Tagged as: Dating, The ex-factor<< Previous question   Next question >>
Question - (30 May 2013) 2 Answers - (Newest, 31 May 2013)
A female Ireland age 36-40, anonymous writes:

Hi,

My boyfriend checks his ex girlfriends facebook sometimes, he was deeply hurt by how she treated him and was angry with himself about how he let her hurt him so much and it took him time to get over her. I was insecure that he was not quite over her and asked him to delete her as a friend on Facebook which he did straight away. His family really dislike her and he also disliked her family which was the main reason she broke up with him.

It's otherwise (apart from my insecurities) a great relationship. We get along very well and we often talk about the future and he even talks about our wedding day! He says he loves me and I do love him. That's why I'm scared that he may not be quite over her even though it ended two years ago. He doesn't talk about her and says that he is over her. He says if things hasn't ended so badly they would probably still be together but that is a "what if" situation. He said this because I asked him and he said the same could be said for me and my ex.

Anyway, he asked me to go to a party with him that he was invited to on Facebook. She might be there but hasn't RSVPd on Facebook. So today he looked at her profile and then at the event to see who was going.

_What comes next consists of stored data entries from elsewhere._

(* Let $\mathcal{O}$ be a nonempty set of quantum channels on $n$ qubits closed under composition, $\Psi$ a channel on $n$ qubits with $\gamma(\Psi)<\infty$, and $k\ge0$ an integer. Then for every sample $S=(z_1,\ldots,z_m)$, \[ \bar{R}_S(\mathcal{F}(\mathcal{O}))\le\bar{R}_S(\mathcal{F}(\mathcal{O}^{(k)}_\Psi))\le\gamma^*\bar{R}_S(\mathcal{F}(\mathcal{O})),\qquad \bar{G}_S(\mathcal{F}(\mathcal{O}))\le\bar{G}_S(\mathcal{F}(\mathcal{O}^{(k)}_\Psi))\le\gamma^*\bar{G}_S(\mathcal{F}(\mathcal{O})), \] where $\gamma^*=\min\{(1+2\gamma(\Psi))^k,1+2\gamma_{\max,n}\}$.
   Context: A quantum channel on $n$ qubits is a completely positive trace-preserving linear map on $2^n\times2^n$ complex matrices. For a channel $\Phi$, $f_\Phi(x,y)=\mathrm{Tr}[\Phi(|x\rangle\langle x|)\,|y\rangle\langle y|]$; $\mathcal{F}(\Omega)=\{f_\Phi:\Phi\in\Omega\}$. $\bar{R}_S(\mathcal{G})=\mathbb{E}\sup_{h\in\mathcal{G}}\frac1m|\sum_{i=1}^m\epsilon_i h(z_i)|$ with $\epsilon_i$ i.i.d. uniform on $\{\pm1\}$, and $\bar{G}_S(\mathcal{G})=\mathbb{E}\sup_{h\in\mathcal{G}}\frac1m|\sum_{i=1}^m g_i h(z_i)|$ with $g_i$ i.i.d. $\mathcal{N}(0,1)$. Free robustness w.r.t. $\mathcal{O}$: $\gamma(\Phi)=\inf\{\lambda\ge0:\exists\,\Phi'\in\mathrm{Conv}(\mathcal{O}),\ (\Phi+\lambda\Phi')/(1+\lambda)\in\mathrm{Conv}(\mathcal{O})\}$; $\gamma_{\max,n}=\sup$ of $\gamma(\Phi)$ over all channels on $n$ qubits (if infinite, $\gamma^*=(1+2\gamma(\Psi))^k$). $\mathcal{O}^{(k)}_\Psi$ is the set of all finite compositions of elements of $\mathcal{O}\cup\{\Psi\}$ in which $\Psi$ appears at most $k$ times. *)

From HB Require Import structures.
From mathcomp Require Import all_boot all_order all_algebra.
From mathcomp Require Import all_classical all_reals all_analysis.
From mathcomp Require Import complex.
Set Implicit Arguments. Unset Strict Implicit. Unset Printing Implicit Defensive.
Import Order.TTheory GRing.Theory Num.Theory.
Local Open Scope classical_set_scope.
Local Open Scope ring_scope.
Local Open Scope complex_scope.

(* Linear maps on N x N complex matrices (N = 2^n for n qubits);
   complex numbers are R[i] for a real field R. *)
Definition qmap (R : realType) (N : nat) := 'M[R[i]]_N -> 'M[R[i]]_N.

Definition psd (R : realType) (T : finType) (A : T -> T -> R[i]) : Prop :=
  forall v : T -> R[i], 0 <= \sum_i \sum_j (v i)^* * A i j * v j.

(* (id_k \otimes Phi) acting on M_k \otimes M_N, elements of which are
   matrices indexed by 'I_k * 'I_N, applying Phi blockwise *)
Definition ampl (R : realType) (N k : nat) (Phi : qmap R N)
  (X : 'I_k * 'I_N -> 'I_k * 'I_N -> R[i]) : 'I_k * 'I_N -> 'I_k * 'I_N -> R[i] :=
  fun p q => Phi (\matrix_(i, j) X (p.1, i) (q.1, j)) p.2 q.2.

Definition is_linear_map (R : realType) (N : nat) (Phi : qmap R N) : Prop :=
  forall (a : R[i]) (X Y : 'M[R[i]]_N), Phi (a *: X + Y) = a *: Phi X + Phi Y.

Definition completely_positive (R : realType) (N : nat) (Phi : qmap R N) : Prop :=
  forall (k : nat) (X : 'I_k * 'I_N -> 'I_k * 'I_N -> R[i]),
    psd X -> psd (ampl Phi X).

Definition trace_preserving (R : realType) (N : nat) (Phi : qmap R N) : Prop :=
  forall X : 'M[R[i]]_N, \tr (Phi X) = \tr X.

Definition channel (R : realType) (N : nat) (Phi : qmap R N) : Prop :=
  [/\ is_linear_map Phi, completely_positive Phi & trace_preserving Phi].

Definition conv (R : realType) (N : nat) (O : set (qmap R N)) : set (qmap R N) :=
  [set Phi | exists (p : nat) (w : 'I_p -> R) (Phis : 'I_p -> qmap R N),
     [/\ forall i, 0 <= w i, \sum_i w i = 1, forall i, O (Phis i) &
         Phi = fun X => \sum_i (w i)%:C *: Phis i X]].

(* free robustness of Phi w.r.t. O (inf of the empty set is +oo) *)
Definition robustness (R : realType) (N : nat) (O : set (qmap R N)) (Phi : qmap R N)
  : \bar R :=
  ereal_inf [set l%:E | l in [set l : R | 0 <= l /\
     exists Phi', conv O Phi' /\
       conv O (fun X => ((1 + l)^-1)%:C *: (Phi X + l%:C *: Phi' X))]].

Definition gamma_max (R : realType) (N : nat) (O : set (qmap R N)) : \bar R :=
  ereal_sup [set robustness O Phi | Phi in [set Phi : qmap R N | channel Phi]].

(* gamma^* = min{(1+2 gamma(Psi))^k, 1 + 2 gamma_max} (used when gamma(Psi) < oo) *)
Definition gamma_star (R : realType) (N : nat) (O : set (qmap R N)) (Psi : qmap R N)
  (k : nat) : \bar R :=
  mine (((1 + 2 * fine (robustness O Psi)) ^+ k)%:E) (1 + 2 * gamma_max O)%E.

(* O^{(k)}_Psi : nonempty finite compositions of elements of O u {Psi}, where
   each factor is tagged Some phi (phi in O) or None (an occurrence of Psi),
   with at most k occurrences of Psi *)
Definition compose_seq (R : realType) (N : nat) (Psi : qmap R N)
  (s : seq (option (qmap R N))) : qmap R N :=
  foldr (fun o acc => (if o is Some phi then phi else Psi) \o acc) id s.

Definition Ok (R : realType) (N : nat) (O : set (qmap R N)) (Psi : qmap R N)
  (k : nat) : set (qmap R N) :=
  [set Phi | exists s : seq (option (qmap R N)),
     [/\ (0 < size s)%N,
         (forall i, (i < size s)%N -> if nth None s i is Some phi then O phi else True),
         (count (fun o => if o is None then true else false) s <= k)%N &
         Phi = compose_seq Psi s]].

(* f_Phi(x,y) = Tr[Phi(|x><x|) |y><y|] = Phi(E_xx)_{yy} (a real number for
   channels; we take its real part) *)
Definition fPhi (R : realType) (N : nat) (Phi : qmap R N) : 'I_N * 'I_N -> R :=
  fun z => complex.Re (Phi (delta_mx z.1 z.1) z.2 z.2).

Definition Fcls (R : realType) (N : nat) (O : set (qmap R N)) : set ('I_N * 'I_N -> R) :=
  [set fPhi Phi | Phi in O].

Definition rademacher (R : realType) (T : Type) (m : nat) (S : 'I_m -> T)
  (G : set (T -> R)) : \bar R :=
  (((2 ^ m)%:R : R)^-1)%:E *
  (\sum_(eps : {ffun 'I_m -> bool})
     ereal_sup [set ((m%:R)^-1 * `|\sum_(i < m) (-1) ^+ eps i * h (S i)|)%:E
               | h in G])%E.

(* expectation over i.i.d. standard Gaussians g_0, ..., g_{m-1}
   (iterated integrals against the N(0,1) law) *)
Fixpoint gauss_exp (R : realType) (m : nat) (F : (nat -> R) -> \bar R) : \bar R :=
  match m with
  | 0 => F (fun _ => 0)
  | m'.+1 => (\int[normal_prob 0 1]_x
                gauss_exp m' (fun g => F (fun i => if i is j.+1 then g j else x)))%E
  end.

Definition gaussian (R : realType) (T : Type) (m : nat) (S : 'I_m -> T)
  (G : set (T -> R)) : \bar R :=
  gauss_exp m (fun g =>
     ereal_sup [set ((m%:R)^-1 * `|\sum_(i < m) g i * h (S i)|)%:E | h in G]).

(* Call Phi c-decomposable when it is a real
   combination sum_j a_j Phi_j of free channels Phi_j in O with sum_j |a_j| <= c.
   Decomposability is preserved by sums, scalings and (since O is closed under
   composition and consists of linear maps) by composition, with the weights
   adding resp. multiplying; a robustness witness for lambda shows that Phi is
   (1 + 2 lambda)-decomposable.  Hence every element of O^(k)_Psi is
   (1 + 2 lambda)^k-decomposable for every lambda > gamma(Psi), and
   (1 + 2 lambda)-decomposable for every lambda > gamma_max.  Any functional
   L that is linear along such combinations then satisfies
   |L Phi| <= c * sup_O |L|, and letting lambda decrease (by continuity) gives
   the factor gamma^*.  Applied to the correlations
   m^-1 |sum_i a_i f_Phi(z_i)| this bounds the suprema inside both
   complexities; the Rademacher average is a finite positive combination and
   the Gaussian expectation is a monotone, positively homogeneous iterated
   integral (we use the integral of nonnegative functions through its
   definition by simple functions, so no measurability is needed), which
   yields the two sandwich inequalities. *)

From Pilot Require Import Defs.
From HB Require Import structures.
From mathcomp Require Import all_boot all_order all_algebra.
From mathcomp Require Import all_classical all_reals all_analysis.
From mathcomp Require Import complex.
From mathcomp Require Import ring lra.
From Stdlib Require List.
Set Implicit Arguments. Unset Strict Implicit. Unset Printing Implicit Defensive.
Import Order.TTheory GRing.Theory Num.Theory numFieldNormedType.Exports.
Local Open Scope classical_set_scope.
Local Open Scope ring_scope.
Local Open Scope complex_scope.

Lemma Re_add (R : realType) (x y : R[i]) :
  complex.Re (x + y) = complex.Re x + complex.Re y.
Proof. by case: x; case: y. Qed.

Lemma Re_realM (R : realType) (r : R) (x : R[i]) :
  complex.Re (r%:C * x) = r * complex.Re x.
Proof. by case: x => a b /=; rewrite mul0r subr0. Qed.

Section LinearMaps.
Variables (R : realType) (N : nat) (Phi : qmap R N).
Hypothesis Phi_lin : is_linear_map Phi.

Lemma lin0 : Phi 0 = 0.
Proof.
have := Phi_lin 1 0 0; rewrite !scale1r addr0 => e.
by apply: (addrI (Phi 0)); rewrite addr0 -e.
Qed.

Lemma linZ a X : Phi (a *: X) = a *: Phi X.
Proof. by have := Phi_lin a X 0; rewrite lin0 !addr0. Qed.

Lemma linD X Y : Phi (X + Y) = Phi X + Phi Y.
Proof. by have := Phi_lin 1 X Y; rewrite !scale1r. Qed.

Lemma lin_sum (I : Type) (s : seq I) (F : I -> 'M[R[i]]_N) :
  Phi (\sum_(x <- s) F x) = \sum_(x <- s) Phi (F x).
Proof.
elim: s => [|x s IH]; first by rewrite !big_nil lin0.
by rewrite !big_cons linD IH.
Qed.

End LinearMaps.

Section Decomposition.
Variables (R : realType) (N : nat) (O : set (qmap R N)).

Definition lincomb (s : seq (R * qmap R N)) : qmap R N :=
  fun X => \sum_(x <- s) (x.1)%:C *: x.2 X.

Definition weight (s : seq (R * qmap R N)) : R := \sum_(x <- s) `|x.1|.

Definition decomposable (c : R) (Phi : qmap R N) : Prop :=
  exists s, [/\ forall x, List.In x s -> O x.2, weight s <= c & Phi = lincomb s].

Lemma weight_ge0 s : 0 <= weight s.
Proof. exact: sumr_ge0. Qed.

Lemma decomposable_le c c' Phi :
  decomposable c Phi -> c <= c' -> decomposable c' Phi.
Proof. by move=> [s [sO sc ->]] cc'; exists s; split => //; apply: le_trans cc'. Qed.

Lemma decomposable_free Phi : O Phi -> decomposable 1 Phi.
Proof.
move=> OPhi; exists [:: (1, Phi)]; split; first by move=> x [<-|].
  by rewrite /weight big_seq1 normr1.
by apply: funext => X; rewrite /lincomb big_seq1 /= scale1r.
Qed.

Lemma decomposable_scale c Phi r :
  decomposable c Phi -> decomposable (`|r| * c) (fun X => r%:C *: Phi X).
Proof.
move=> [s [sO sc ->]]; exists [seq (r * x.1, x.2) | x <- s]; split.
- by move=> x /List.in_map_iff [y [<- ys]] /=; exact: sO.
- rewrite /weight big_map; under eq_bigr do rewrite normrM.
  by rewrite -mulr_sumr ler_wpM2l.
- apply: funext => X; rewrite /lincomb big_map scaler_sumr.
  by apply: eq_bigr => x _ /=; rewrite rmorphM scalerA.
Qed.

Lemma decomposable_add c1 c2 Phi1 Phi2 :
  decomposable c1 Phi1 -> decomposable c2 Phi2 ->
  decomposable (c1 + c2) (fun X => Phi1 X + Phi2 X).
Proof.
move=> [s1 [s1O s1c ->]] [s2 [s2O s2c ->]]; exists (s1 ++ s2); split.
- by move=> x /List.in_app_iff [] ?; [exact: s1O | exact: s2O].
- by rewrite /weight big_cat lerD.
- by apply: funext => X; rewrite /lincomb big_cat.
Qed.

Lemma decomposable_conv Phi : Defs.conv O Phi -> decomposable 1 Phi.
Proof.
move=> [p [w [Phis [w0 w1 PhisO ->]]]].
exists [seq (w i, Phis i) | i <- enum 'I_p]; split.
- by move=> x /List.in_map_iff [i [<- _]] /=.
- rewrite /weight big_map big_enum /= -w1; apply: ler_sum => i _.
  by rewrite ger0_norm.
- by apply: funext => X; rewrite /lincomb big_map big_enum.
Qed.

(* If (Phi + l Phi') / (1 + l) and Phi' lie in conv O, then
   Phi = (1 + l) * mixture - l * Phi' is (1 + 2 l)-decomposable. *)
Lemma decomposable_robustness_witness (Phi Phi' : qmap R N) (l : R) : 0 <= l ->
  Defs.conv O Phi' ->
  Defs.conv O (fun X => ((1 + l)^-1)%:C *: (Phi X + l%:C *: Phi' X)) ->
  decomposable (1 + 2 * l) Phi.
Proof.
move=> l0 Phi'O mixO.
have := decomposable_add (decomposable_scale (1 + l) (decomposable_conv mixO))
  (decomposable_scale (- l) (decomposable_conv Phi'O)).
have -> : `|1 + l| * 1 + `|- l| * 1 = 1 + 2 * l.
  by rewrite normrN !mulr1 !ger0_norm ?addr_ge0 //; ring.
congr decomposable; apply: funext => X.
rewrite scalerA -rmorphM mulfV ?gt_eqF ?ltr_wpDr //.
by rewrite rmorph1 scale1r rmorphN scaleNr addrK.
Qed.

I know I shouldn't have snooped and I'm working on this. He tried to delete history I know this but missed that link. He probably deletes it so as not to hurt my feelings. Does it mean that he's still not over her or is he just being nosy? It's only her that I'm insecure about :-( I don't mind if he wants me to go so he can show her what she's missing and show me off!

What so you all think? Am I being paranoid!!?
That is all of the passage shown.